Prompt: Your task is to copy the stretch of lines in the records below that begins with the line containing "Implicit Types (X" and ends with the line containing "let e := mgcd a' d in", exactly as written, with nothing added.

== Information provided ==

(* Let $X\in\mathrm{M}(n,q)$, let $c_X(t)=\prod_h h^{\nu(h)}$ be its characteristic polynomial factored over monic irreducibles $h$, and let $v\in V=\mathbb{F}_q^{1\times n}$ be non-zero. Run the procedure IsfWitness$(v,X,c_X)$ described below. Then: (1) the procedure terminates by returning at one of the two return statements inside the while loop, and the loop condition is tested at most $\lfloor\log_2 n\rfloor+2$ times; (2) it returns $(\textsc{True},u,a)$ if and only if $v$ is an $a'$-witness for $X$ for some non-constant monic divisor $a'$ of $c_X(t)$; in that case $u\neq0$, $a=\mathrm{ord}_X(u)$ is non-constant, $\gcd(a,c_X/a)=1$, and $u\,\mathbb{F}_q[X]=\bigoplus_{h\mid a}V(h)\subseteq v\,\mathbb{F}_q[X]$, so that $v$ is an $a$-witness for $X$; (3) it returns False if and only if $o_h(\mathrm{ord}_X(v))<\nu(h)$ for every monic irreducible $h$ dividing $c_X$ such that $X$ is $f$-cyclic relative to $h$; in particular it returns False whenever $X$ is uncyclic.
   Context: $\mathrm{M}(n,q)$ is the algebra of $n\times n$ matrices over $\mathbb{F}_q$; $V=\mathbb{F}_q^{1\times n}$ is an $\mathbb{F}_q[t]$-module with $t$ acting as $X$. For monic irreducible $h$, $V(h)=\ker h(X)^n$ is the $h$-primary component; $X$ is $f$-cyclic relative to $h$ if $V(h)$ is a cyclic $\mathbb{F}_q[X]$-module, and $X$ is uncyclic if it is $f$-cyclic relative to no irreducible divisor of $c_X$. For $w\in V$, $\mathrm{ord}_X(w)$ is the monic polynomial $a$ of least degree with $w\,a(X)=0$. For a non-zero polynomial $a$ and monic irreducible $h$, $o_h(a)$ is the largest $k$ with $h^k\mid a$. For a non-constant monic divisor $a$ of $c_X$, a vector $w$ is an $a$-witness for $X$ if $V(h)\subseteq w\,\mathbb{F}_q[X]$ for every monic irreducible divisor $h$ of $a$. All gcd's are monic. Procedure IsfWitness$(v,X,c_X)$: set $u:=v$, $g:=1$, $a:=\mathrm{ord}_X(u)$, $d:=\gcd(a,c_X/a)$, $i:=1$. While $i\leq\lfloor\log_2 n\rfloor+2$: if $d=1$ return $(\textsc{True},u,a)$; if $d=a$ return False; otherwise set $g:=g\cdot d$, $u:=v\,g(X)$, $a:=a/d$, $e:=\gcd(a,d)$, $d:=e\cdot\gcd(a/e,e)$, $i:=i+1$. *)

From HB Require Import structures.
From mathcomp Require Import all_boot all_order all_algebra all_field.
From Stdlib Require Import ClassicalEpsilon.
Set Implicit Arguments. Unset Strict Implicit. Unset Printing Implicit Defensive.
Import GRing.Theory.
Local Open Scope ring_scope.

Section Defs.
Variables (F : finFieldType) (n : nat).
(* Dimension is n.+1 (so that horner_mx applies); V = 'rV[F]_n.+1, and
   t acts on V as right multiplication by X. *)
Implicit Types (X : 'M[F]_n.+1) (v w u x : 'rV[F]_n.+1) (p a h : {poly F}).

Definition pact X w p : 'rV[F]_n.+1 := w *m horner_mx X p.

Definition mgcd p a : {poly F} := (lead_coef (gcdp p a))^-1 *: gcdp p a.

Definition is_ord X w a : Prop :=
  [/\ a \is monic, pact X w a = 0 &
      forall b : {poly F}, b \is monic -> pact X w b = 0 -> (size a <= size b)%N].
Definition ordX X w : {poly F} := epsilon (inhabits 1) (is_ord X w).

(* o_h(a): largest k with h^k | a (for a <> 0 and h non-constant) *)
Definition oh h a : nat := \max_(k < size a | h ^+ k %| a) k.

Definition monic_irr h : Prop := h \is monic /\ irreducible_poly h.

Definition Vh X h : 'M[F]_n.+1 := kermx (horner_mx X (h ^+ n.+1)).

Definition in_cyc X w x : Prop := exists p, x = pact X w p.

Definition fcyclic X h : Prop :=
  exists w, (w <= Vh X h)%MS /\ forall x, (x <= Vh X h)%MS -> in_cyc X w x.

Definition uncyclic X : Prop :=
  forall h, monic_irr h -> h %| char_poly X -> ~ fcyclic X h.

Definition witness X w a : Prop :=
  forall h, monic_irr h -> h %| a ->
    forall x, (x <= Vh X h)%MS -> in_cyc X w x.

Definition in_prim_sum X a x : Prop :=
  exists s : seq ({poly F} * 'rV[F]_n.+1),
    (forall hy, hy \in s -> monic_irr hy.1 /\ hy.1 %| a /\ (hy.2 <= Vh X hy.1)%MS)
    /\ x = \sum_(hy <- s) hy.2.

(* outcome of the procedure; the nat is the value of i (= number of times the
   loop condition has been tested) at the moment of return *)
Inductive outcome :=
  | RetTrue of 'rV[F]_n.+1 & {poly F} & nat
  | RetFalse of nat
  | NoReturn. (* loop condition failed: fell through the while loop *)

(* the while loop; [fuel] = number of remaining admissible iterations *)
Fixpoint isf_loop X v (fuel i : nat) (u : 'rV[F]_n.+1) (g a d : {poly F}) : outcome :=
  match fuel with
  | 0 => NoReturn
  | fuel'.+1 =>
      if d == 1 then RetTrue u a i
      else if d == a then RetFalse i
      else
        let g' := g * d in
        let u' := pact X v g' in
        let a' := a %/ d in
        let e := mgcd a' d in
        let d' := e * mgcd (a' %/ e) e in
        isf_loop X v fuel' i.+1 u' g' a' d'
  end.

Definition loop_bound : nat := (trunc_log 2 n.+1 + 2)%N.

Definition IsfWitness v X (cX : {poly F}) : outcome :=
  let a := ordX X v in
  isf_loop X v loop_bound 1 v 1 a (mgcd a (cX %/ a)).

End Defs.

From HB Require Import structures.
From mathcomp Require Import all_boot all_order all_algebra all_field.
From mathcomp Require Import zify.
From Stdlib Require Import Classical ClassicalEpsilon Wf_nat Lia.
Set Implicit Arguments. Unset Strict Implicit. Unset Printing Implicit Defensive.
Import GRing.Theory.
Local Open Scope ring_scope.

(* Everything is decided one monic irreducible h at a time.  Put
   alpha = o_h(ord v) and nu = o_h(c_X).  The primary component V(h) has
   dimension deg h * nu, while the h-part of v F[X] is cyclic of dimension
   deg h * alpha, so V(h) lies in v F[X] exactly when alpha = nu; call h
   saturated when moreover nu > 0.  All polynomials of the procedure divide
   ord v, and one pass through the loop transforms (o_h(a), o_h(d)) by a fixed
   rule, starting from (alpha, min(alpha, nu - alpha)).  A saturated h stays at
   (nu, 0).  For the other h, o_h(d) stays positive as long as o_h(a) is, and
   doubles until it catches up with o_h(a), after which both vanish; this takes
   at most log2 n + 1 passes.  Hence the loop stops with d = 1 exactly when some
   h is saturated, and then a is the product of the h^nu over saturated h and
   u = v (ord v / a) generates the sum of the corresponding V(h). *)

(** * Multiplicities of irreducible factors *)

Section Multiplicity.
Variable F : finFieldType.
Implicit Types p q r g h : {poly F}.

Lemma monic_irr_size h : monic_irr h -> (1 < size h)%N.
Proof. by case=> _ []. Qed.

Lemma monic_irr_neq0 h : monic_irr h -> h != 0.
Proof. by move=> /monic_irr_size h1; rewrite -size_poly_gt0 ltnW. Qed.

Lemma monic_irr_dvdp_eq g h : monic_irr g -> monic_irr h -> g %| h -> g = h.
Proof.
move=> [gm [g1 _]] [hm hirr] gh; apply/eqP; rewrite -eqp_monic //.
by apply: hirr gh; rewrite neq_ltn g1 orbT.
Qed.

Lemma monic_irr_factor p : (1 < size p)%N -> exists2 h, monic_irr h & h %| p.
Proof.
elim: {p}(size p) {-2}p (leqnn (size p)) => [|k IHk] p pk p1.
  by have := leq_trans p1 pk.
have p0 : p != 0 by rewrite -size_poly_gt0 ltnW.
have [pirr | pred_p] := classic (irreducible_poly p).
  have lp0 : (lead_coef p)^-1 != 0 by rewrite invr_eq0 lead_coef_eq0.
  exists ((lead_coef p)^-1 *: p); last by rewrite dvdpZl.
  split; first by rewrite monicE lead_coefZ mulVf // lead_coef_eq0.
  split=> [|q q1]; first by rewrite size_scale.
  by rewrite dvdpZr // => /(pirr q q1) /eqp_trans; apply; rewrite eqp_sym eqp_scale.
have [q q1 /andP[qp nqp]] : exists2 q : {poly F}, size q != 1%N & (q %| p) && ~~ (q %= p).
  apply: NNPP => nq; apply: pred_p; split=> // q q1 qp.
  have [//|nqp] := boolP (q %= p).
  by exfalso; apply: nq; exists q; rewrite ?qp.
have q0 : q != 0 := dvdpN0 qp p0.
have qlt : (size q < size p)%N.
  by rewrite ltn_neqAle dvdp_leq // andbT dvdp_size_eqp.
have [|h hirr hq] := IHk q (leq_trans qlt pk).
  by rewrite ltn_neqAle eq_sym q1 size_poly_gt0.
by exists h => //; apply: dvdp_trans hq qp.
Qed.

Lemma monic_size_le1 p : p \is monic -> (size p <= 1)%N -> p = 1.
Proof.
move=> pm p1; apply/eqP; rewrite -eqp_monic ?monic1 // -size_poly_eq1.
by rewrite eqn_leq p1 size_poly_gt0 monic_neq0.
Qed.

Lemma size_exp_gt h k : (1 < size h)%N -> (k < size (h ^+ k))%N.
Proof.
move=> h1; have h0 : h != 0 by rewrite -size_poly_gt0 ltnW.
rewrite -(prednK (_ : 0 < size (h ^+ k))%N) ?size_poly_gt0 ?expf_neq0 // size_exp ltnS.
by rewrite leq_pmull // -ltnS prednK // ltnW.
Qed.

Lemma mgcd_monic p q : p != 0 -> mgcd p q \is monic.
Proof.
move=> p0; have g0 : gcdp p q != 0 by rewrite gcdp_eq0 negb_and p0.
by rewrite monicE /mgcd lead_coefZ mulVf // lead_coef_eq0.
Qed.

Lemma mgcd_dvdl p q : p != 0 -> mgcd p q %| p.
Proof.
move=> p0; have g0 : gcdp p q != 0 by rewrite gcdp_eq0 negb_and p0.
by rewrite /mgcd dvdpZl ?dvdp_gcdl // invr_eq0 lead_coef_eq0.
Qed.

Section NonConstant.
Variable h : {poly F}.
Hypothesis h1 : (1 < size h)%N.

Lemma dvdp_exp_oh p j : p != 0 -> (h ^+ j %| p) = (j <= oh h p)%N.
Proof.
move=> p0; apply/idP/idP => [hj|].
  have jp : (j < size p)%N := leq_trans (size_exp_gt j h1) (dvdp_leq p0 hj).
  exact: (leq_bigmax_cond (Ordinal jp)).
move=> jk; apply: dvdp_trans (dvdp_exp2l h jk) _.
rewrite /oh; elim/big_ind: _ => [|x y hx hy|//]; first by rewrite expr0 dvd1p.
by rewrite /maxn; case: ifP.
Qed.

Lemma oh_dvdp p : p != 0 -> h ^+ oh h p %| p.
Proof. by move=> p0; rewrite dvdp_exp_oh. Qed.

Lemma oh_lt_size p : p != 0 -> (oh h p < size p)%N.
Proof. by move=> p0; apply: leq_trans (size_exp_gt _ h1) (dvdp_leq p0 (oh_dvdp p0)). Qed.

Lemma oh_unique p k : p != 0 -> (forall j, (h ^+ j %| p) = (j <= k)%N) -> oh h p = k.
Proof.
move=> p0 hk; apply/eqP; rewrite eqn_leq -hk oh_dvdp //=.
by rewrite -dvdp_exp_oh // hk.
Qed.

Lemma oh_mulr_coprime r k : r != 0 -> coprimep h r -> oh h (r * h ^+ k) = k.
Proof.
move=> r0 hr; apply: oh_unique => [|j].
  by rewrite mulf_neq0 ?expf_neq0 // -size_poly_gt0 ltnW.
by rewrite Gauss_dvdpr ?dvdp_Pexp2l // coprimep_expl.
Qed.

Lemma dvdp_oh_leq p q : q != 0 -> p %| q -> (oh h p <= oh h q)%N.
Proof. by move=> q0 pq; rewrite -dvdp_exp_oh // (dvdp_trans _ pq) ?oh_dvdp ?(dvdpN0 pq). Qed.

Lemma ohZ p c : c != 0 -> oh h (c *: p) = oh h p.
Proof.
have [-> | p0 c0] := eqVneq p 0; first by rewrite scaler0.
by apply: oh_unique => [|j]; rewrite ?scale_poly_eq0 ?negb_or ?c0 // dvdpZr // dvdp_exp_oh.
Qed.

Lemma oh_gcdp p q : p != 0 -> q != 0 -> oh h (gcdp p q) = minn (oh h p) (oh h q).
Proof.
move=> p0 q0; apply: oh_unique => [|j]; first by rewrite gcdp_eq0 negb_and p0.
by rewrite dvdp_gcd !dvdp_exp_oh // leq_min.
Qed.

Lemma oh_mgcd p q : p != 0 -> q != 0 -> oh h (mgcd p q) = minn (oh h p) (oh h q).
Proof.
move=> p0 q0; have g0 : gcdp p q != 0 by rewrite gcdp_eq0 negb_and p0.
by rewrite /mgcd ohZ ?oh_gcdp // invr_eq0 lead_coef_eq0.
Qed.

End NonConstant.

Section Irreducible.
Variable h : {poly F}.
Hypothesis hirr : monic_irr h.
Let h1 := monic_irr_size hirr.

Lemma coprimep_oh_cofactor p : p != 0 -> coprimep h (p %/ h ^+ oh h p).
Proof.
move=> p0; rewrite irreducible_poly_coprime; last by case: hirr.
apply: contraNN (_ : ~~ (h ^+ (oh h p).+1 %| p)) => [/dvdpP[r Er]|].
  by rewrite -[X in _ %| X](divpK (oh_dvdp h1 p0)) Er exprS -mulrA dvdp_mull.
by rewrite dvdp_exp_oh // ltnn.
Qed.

===

Response for this exercise:
Implicit Types (X : 'M[F]_n.+1) (v w u x : 'rV[F]_n.+1) (p a h : {poly F}).

Definition pact X w p : 'rV[F]_n.+1 := w *m horner_mx X p.

Definition mgcd p a : {poly F} := (lead_coef (gcdp p a))^-1 *: gcdp p a.

Definition is_ord X w a : Prop :=
  [/\ a \is monic, pact X w a = 0 &
      forall b : {poly F}, b \is monic -> pact X w b = 0 -> (size a <= size b)%N].
Definition ordX X w : {poly F} := epsilon (inhabits 1) (is_ord X w).

(* o_h(a): largest k with h^k | a (for a <> 0 and h non-constant) *)
Definition oh h a : nat := \max_(k < size a | h ^+ k %| a) k.

Definition monic_irr h : Prop := h \is monic /\ irreducible_poly h.

Definition Vh X h : 'M[F]_n.+1 := kermx (horner_mx X (h ^+ n.+1)).

Definition in_cyc X w x : Prop := exists p, x = pact X w p.

Definition fcyclic X h : Prop :=
  exists w, (w <= Vh X h)%MS /\ forall x, (x <= Vh X h)%MS -> in_cyc X w x.

Definition uncyclic X : Prop :=
  forall h, monic_irr h -> h %| char_poly X -> ~ fcyclic X h.

Definition witness X w a : Prop :=
  forall h, monic_irr h -> h %| a ->
    forall x, (x <= Vh X h)%MS -> in_cyc X w x.

Definition in_prim_sum X a x : Prop :=
  exists s : seq ({poly F} * 'rV[F]_n.+1),
    (forall hy, hy \in s -> monic_irr hy.1 /\ hy.1 %| a /\ (hy.2 <= Vh X hy.1)%MS)
    /\ x = \sum_(hy <- s) hy.2.

(* outcome of the procedure; the nat is the value of i (= number of times the
   loop condition has been tested) at the moment of return *)
Inductive outcome :=
  | RetTrue of 'rV[F]_n.+1 & {poly F} & nat
  | RetFalse of nat
  | NoReturn. (* loop condition failed: fell through the while loop *)

(* the while loop; [fuel] = number of remaining admissible iterations *)
Fixpoint isf_loop X v (fuel i : nat) (u : 'rV[F]_n.+1) (g a d : {poly F}) : outcome :=
  match fuel with
  | 0 => NoReturn
  | fuel'.+1 =>
      if d == 1 then RetTrue u a i
      else if d == a then RetFalse i
      else
        let g' := g * d in
        let u' := pact X v g' in
        let a' := a %/ d in
        let e := mgcd a' d in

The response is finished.